Exercise directions. Take the records below and print them verbatim up to and including the line that carries "case: X f g".

Collected data:
/---

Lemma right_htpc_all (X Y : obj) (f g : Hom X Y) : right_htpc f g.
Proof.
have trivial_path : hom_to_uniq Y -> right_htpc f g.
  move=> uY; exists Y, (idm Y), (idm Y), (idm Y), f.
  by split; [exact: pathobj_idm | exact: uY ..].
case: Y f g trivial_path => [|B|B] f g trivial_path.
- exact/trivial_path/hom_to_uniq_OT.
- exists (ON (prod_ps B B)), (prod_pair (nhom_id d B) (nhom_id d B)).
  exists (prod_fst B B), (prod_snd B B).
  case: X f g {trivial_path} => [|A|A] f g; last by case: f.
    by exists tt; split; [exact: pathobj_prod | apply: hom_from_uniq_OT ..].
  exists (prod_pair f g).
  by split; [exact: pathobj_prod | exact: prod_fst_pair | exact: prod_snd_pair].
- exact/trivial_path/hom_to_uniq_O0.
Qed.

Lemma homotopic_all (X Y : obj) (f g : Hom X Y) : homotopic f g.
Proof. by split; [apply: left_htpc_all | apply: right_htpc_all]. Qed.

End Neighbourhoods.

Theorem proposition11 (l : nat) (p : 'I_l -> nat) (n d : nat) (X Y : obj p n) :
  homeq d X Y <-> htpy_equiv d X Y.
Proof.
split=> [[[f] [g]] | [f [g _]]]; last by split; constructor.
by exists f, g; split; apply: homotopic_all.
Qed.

\---

Solution for this problem.
Lemma right_htpc_all (X Y : obj) (f g : Hom X Y) : right_htpc f g.
Proof.
have trivial_path : hom_to_uniq Y -> right_htpc f g.
  move=> uY; exists Y, (idm Y), (idm Y), (idm Y), f.
  by split; [exact: pathobj_idm | exact: uY ..].
case: Y f g trivial_path => [|B|B] f g trivial_path.
- exact/trivial_path/hom_to_uniq_OT.
- exists (ON (prod_ps B B)), (prod_pair (nhom_id d B) (nhom_id d B)).
  exists (prod_fst B B), (prod_snd B B).
  case: X f g {trivial_path} => [|A|A] f g; last by case: f.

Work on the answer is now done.